/text-generation-webui-barktts

A simple extension that uses Bark Text-to-Speech for audio output

Primary LanguagePythonOtherNOASSERTION

Please read and follow these instructions

  1. When you clone or install this via the Oobabooga UI please rename the extension (located in the extensions folder) from "text-generation-webui-barktts" to "bark_tts"
  2. When you load it up for the first time you might get an error, please try to reload the program and extension once more.
  3. This version is currently working with Oobabooga, I will try to keep it up to date with changes to the program.
  4. Check out this commit change to see how this version is different than the other: https://github.com/RandomInternetPreson/text-generation-webui-barktts/commit/c1d64d91bb6b6ff87e00e3a0090870dcc8fe5736 Other than working with Oobabooga it also allows one to change characters that the AI voice model receives and converts. For example 's would be read as &#x27 ; in the previous implementation of bark

This is an audio sample from a short story an AI wrote using Oobabooga's textgen-webui

1698812202.mp4

These are the settings used to produce the sample and story.

Settings

text-generation-webui-barktts

A simple extension for the text-generation-webui by oobabooga that uses Bark for audio output.

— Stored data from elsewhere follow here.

Lemma sepbP (k : nat) (B : {fset site}) : reflect (separated k (enum_fset B)) (sepb k B).
Proof.
apply: (iffP allP) => [sepB z w zB wB zw | sepB z zB].
  by move/allP: (sepB z zB) => /(_ w wB); rewrite (negbTE zw).
by apply/allP => w wB; case: eqVneq => //= zw; apply: sepB.
Qed.

Lemma sum_nat_of_bool (T : Type) (y : T -> bool) (s : seq T) :
  (\sum_(z <- s) (y z : nat))%N = count y s.
Proof. by elim: s => [|x s IH]; rewrite ?big_nil ?big_cons ?IH. Qed.

Lemma count_le_mk (k : nat) (A B : {fset site}) (y : site -> bool) :
  fsubset B A -> sepb k B -> (count y (enum_fset B) <= mk k A y)%N.
Proof.
move=> BA sepB; rewrite -sum_nat_of_bool.
by apply: leq_bigmax_seq; rewrite ?fpowersetE.
Qed.

Lemma mk_subset (k : nat) (A A' : {fset site}) (y : site -> bool) :
  fsubset A A' -> (mk k A y <= mk k A' y)%N.
Proof.
move=> AA'; apply/bigmax_leqP_seq => B; rewrite fpowersetE => BA sepB.
by rewrite sum_nat_of_bool count_le_mk // (fsubset_trans BA).
Qed.

Lemma eq_in_mk {k : nat} {A : {fset site}} {y y' : site -> bool} :
  {in A, y =1 y'} -> mk k A y = mk k A y'.
Proof.
move=> yy'; rewrite /mk big_seq_cond [RHS]big_seq_cond.
apply: eq_bigr => B /andP [+ _]; rewrite fpowersetE => /fsubsetP BA.
by rewrite !sum_nat_of_bool; apply: eq_in_count => z /BA /yy'.
Qed.

Definition residue (K : nat) (z : site) : 'I_K.+1 * 'I_K.+1 :=
  (inord `|(z.1 %% K.+1)%Z|, inord `|(z.2 %% K.+1)%Z|).

Lemma residue_dist {K : nat} {a b : int} :
  `|(a %% K.+1)%Z|%N = `|(b %% K.+1)%Z|%N -> a != b -> (K.+1 <= `|a - b|)%N.
Proof.
move=> ab_mod ab.
have : (a %% K.+1)%Z = (b %% K.+1)%Z.
  by rewrite -(gez0_abs (@modz_ge0 a K.+1 isT)) -(gez0_abs (@modz_ge0 b K.+1 isT)) ab_mod.
move/eqP; rewrite eqz_mod_dvd dvdzE => /dvdn_leq; apply.
by rewrite absz_gt0 subr_eq0.
Qed.

Lemma residue_sep (K : nat) (z w : site) :
  residue K z = residue K w -> z != w -> (K.+1 <= distI z w)%N.
Proof.
have residue_lt (a : int) : (`|(a %% K.+1)%Z| < K.+1)%N.
  by rewrite -ltz_nat gez0_abs ?(@modz_ge0 a K.+1 isT) ?(@ltz_pmod a K.+1 isT).
case: z w => [z1 z2] [w1 w2] [/(congr1 val) e1 /(congr1 val) e2].
rewrite /= !inordK // in e1 e2; rewrite /distI leq_max /=.
case: (eqVneq z1 w1) => [z1w1|n1] zw; last by rewrite (residue_dist e1).
by rewrite (residue_dist e2) ?orbT //; apply: contraNneq zw => ->; rewrite z1w1.
Qed.

Lemma separated_residue_class (K : nat) (c : 'I_K.+1 * 'I_K.+1) (s : seq site) :
  separated K.+1 [seq z <- s | residue K z == c].
Proof.
move=> z w; rewrite !mem_filter => /andP [/eqP zc _] /andP [/eqP wc _].
by apply: residue_sep; rewrite zc wc.
Qed.

Lemma count_partition {T : eqType} {C : finType} (f : T -> C) (P : pred T) (s : seq T) :
  count P s = (\sum_(c : C) count (fun z => P z && (f z == c)) s)%N.
Proof.
elim: s => [|x s IH] /=; first by rewrite big1.
rewrite big_split /= -IH (bigD1 (f x)) //= eqxx andbT big1 ?addn0 // => c cfx.
by rewrite eq_sym (negbTE cfx) andbF.
Qed.

Lemma count_le_mk_mul (K : nat) (A : {fset site}) (y : site -> bool) :
  (count y (enum_fset A) <= K.+1 * K.+1 * mk K.+1 A y)%N.
Proof.
rewrite (count_partition (residue K)).
have -> : (K.+1 * K.+1 * mk K.+1 A y = \sum_(c : 'I_K.+1 * 'I_K.+1) mk K.+1 A y)%N.
  by rewrite sum_nat_const card_prod card_ord.
apply: leq_sum => c _; set s := [seq z <- enum_fset A | residue K z == c].
pose B := [fset z in s]%fset.
have BE : enum_fset B =i s by move=> z; rewrite -[z \in enum_fset B]/(z \in B) in_fset.
have -> : count (fun z => y z && (residue K z == c)) (enum_fset A) = count y (enum_fset B).
  by rewrite (permP (uniq_perm (fset_uniq _) (filter_uniq _ (fset_uniq _)) BE)) count_filter.
apply: count_le_mk.
  by apply/fsubsetP => z; rewrite in_fset mem_filter => /andP [].
by apply/sepbP => z w; rewrite !BE; apply: separated_residue_class.
Qed.

Lemma separated_subseq (L : nat) {s : seq site} : uniq s ->
  exists S : seq site, [/\ uniq S, {subset S <= s}, separated L.+1 S &
                          (size s <= L.+1 * L.+1 * size S)%N].
Proof.
move=> s_uniq; pose class_size c := count (fun z => residue L z == c) s.
have [c _ c_max] := @arg_maxnP _ (ord0, ord0) predT class_size isT.
exists [seq z <- s | residue L z == c]; split.
- by rewrite filter_uniq.
- by move=> z; rewrite mem_filter => /andP [].
- exact: separated_residue_class.
rewrite size_filter -(count_predT s) (count_partition (residue L)).
have -> : (L.+1 * L.+1 * class_size c = \sum_(c' : 'I_L.+1 * 'I_L.+1) class_size c)%N.
  by rewrite sum_nat_const card_prod card_ord.
by apply: leq_sum => c' _; apply: c_max.
Qed.

Lemma few_ones_of_small_mk {k l : nat} {V : {fset site}} {S : seq site} {y : site -> bool} :
  (0 < k)%N -> uniq S -> {subset S <= enum_fset V} -> (#|`V| <= l * l * size S)%N ->
  (2 * k * k * l * l * mk k V y < #|`V|)%N -> (2 * count y S < size S)%N.
Proof.
case: k => // K _ S_uniq SV V_le mk_small.
have count_S : (count y S <= count y (enum_fset V))%N.
  rewrite -!size_filter uniq_leq_size ?filter_uniq // => z.
  by rewrite !mem_filter => /andP [-> /SV].
have := count_le_mk_mul K V y; nia.
Qed.

Lemma least_nat_above {R : realType} (s : R) :
  exists M : nat, s <= M%:R /\ forall n : nat, s <= n%:R -> (M <= n)%N.
Proof.
have ex_above : exists n : nat, s <= n%:R by exists (Num.trunc s).+1; apply/ltW/truncnS_gt.
by case: (ex_minnP ex_above) => M sM M_min; exists M.
Qed.

Lemma mks_lt_walk {R : realType} {k M : nat} {s t : R} {y : site -> bool} :
  s <= M%:R -> (forall n : nat, s <= n%:R -> (M <= n)%N) -> (0 < M)%N ->
  mks k s y < t <->
  exists w : (2 * M.-1).-tuple 'I_4, Phi s (walk_set w) /\ (mk k (walk_set w) y)%:R < t.
Proof.
move=> sM M_min M_gt0; split => [mks_lt|[w [Phi_w mk_lt]]]; last first.
  apply: le_lt_trans mk_lt; apply: ge_inf; last by exists (walk_set w).
  by exists 0 => _ [A _ <-]; exact: ler0n.
have [_ [A [A_animal sA] <-] mk_lt] : exists2 x, [set (mk k A y)%:R | A in Phi s] x & x < t.
  apply: inf_lt mks_lt; have [w w_large] := walk_set_large M.-1.
  exists (mk k (walk_set w) y)%:R, (walk_set w) => //; split; first exact: walk_set_animal.
  by apply: le_trans sM _; rewrite ler_nat -(prednK M_gt0).
have M_le_A : (M.-1 < #|`A|)%N by rewrite prednK // M_min.
have [w [w_size wA w_card]] := animal_walk_subset A_animal M_le_A.
have w_tuple : size w == (2 * M.-1)%N by apply/eqP.
exists (Tuple w_tuple); split.
  by split; [exact: walk_set_animal | rewrite /= w_card prednK].
by apply: le_lt_trans mk_lt; rewrite ler_nat mk_subset.
Qed.

Lemma mks_lt_eq_bigsetU {R : realType} {T : Type} (Y : site -> T -> bool)
    {k M : nat} {s t : R} :
  s <= M%:R -> (forall n : nat, s <= n%:R -> (M <= n)%N) -> (0 < M)%N ->
  [set w | mks k s (Y^~ w) < t] =
  \big[setU/set0]_(v : (2 * M.-1).-tuple 'I_4 | `[< Phi s (walk_set v) >])
    [set w | (mk k (walk_set v) (Y^~ w))%:R < t].
Proof.
move=> sM M_min M_gt0; rewrite -bigcup_seq_cond; apply/seteqP; split => w /=.
  move/(mks_lt_walk sM M_min M_gt0) => [v [Phi_v mk_lt]].
  by exists v; rewrite //= mem_index_enum asboolT.
move=> [v /andP [_ /asboolP Phi_v] mk_lt].
by apply/(mks_lt_walk sM M_min M_gt0); exists v.
Qed.

Lemma sum_few_ones_le (R : realFieldType) (q : R) (n N L : nat) :
  0 <= q -> q <= 64^-1 ^+ (2 * L) -> (n <= N)%N -> (N <= L * n)%N ->
  \sum_(m : n.-tuple bool | (n < 2 * count id m)%N) q ^+ count id m <= 32^-1 ^+ N.
Proof.
move=> q_ge0 q_le nN Nn.
have inv64_ge0 : (0 : R) <= 64^-1 by rewrite invr_ge0.
have inv64_le1 : (64^-1 : R) <= 1 by rewrite invf_le1 ?ler1n ?ltr0n.
apply: (@le_trans _ _ (\sum_(m : n.-tuple bool | (n < 2 * count id m)%N) 64^-1 ^+ N)).
  apply: ler_sum => m many_ones; apply: le_trans (lerXn2r _ _ _ q_le) _.
  - by rewrite nnegrE.
  - by rewrite nnegrE exprn_ge0.
  by rewrite -exprM ler_wiXn2l //; nia.
rewrite sumr_const; apply: (@le_trans _ _ (64^-1 ^+ N *+ 2 ^ N)).
  apply: ler_wpMn2l; first exact: exprn_ge0.
  apply: leq_trans (max_card _) _; rewrite card_tuple card_bool leq_exp2l //.
by rewrite -mulr_natr natrX -exprMn (_ : 64^-1 * 2 = 32^-1 :> R) //; field.
Qed.

Lemma walk_count_bound (R : realType) (M : nat) (s : R) : s <= M%:R ->
  (4 ^ (2 * M.-1))%:R * 32^-1 ^+ M <= expR (- (ln 2 * s)).
Proof.
move=> sM; apply: (@le_trans _ _ (expR (- (ln 2 * M%:R)))); last first.
  by rewrite ler_expR lerN2 ler_wpM2l // ltW // ln_gt0 // ltr1n.
rewrite -mulNr [_ * M%:R]mulrC expRM_natl expRN lnK ?posrE //.
apply: (@le_trans _ _ (16 ^+ M * 32^-1 ^+ M)).
  by rewrite ler_wpM2r ?exprn_ge0 ?invr_ge0 // -natrX ler_nat expnM leq_exp2l //; lia.
by rewrite -exprMn (_ : 16 * 32^-1 = 2^-1 :> R) //; field.
Qed.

How to install - via Windows and Oobabooga UI

  1. With Oobabooga's textgen_webui installed go to the "Session" tab and paste https://github.com/RandomInternetPreson/text-generation-webui-barktts into the "Install or update an extension" window, very importantly press "Enter" after entering and the UI will clone this repo

clone

  1. Once cloned, close the UI and command windows and change the name of the folder which was created to clone this repo, change it from "text-generation-webui-barktts" to "bark_tts":

name change

  1. In the text-generation-webui-main folder, click on "cmd_windows.bat" and navigate to the directory for this extension using the phrassing below with cd before the folder directory:

    cd L:\OobTesting\text-generation-webui-main\extensions\bark_tts
    You would use your own directory mine is just an example
    cd your-directory-here

    and press "Enter"

  2. Now enter this "pip install -r requirements.txt" in the command prompt and press "Enter", this will install all the stuff needed to get this running.

    installing

  3. Once complete you can close the command prompt window and start the textgen-webui again. Please note that you may get an error when you load the extension for the first time, please restart textgen-webui and load again. It's some issue with downloading the models for the first time.

This is a video of how to install a different extension, but it is the same set of steps, just don't do "pip install TTS --no-dependencies"

installinstructions.mov

How to install - via Conda Enviroment

Assuming you already have the webui set up:

  1. Activate the conda environment with the cmd_xxx.bat or using conda activate textgen
  2. Enter the text-generation-webui/extensions/ directory and clone this repository
cd text-generation-webui/extensions/
git clone https://github.com/minemo/text-generation-webui-barktts bark_tts/
  1. install the requirements
pip install -r extensions/bark_tts/requirements.txt
  1. Add --extensions bark_tts to your startup script
    or
    enable it through the Interface Mode tab in the webui

Tips

The full version of Bark requires around 12Gb of memory to hold everything on GPU at the same time. However, even smaller cards down to ~2Gb work with some additional settings. For this extension, you could open extensions/bark_tts/.env, then set USE_SMALL_MODELS and USE_CPU to true:

# Whether to use small models
USE_SMALL_MODELS=true

# Whether to use CPU
USE_CPU=true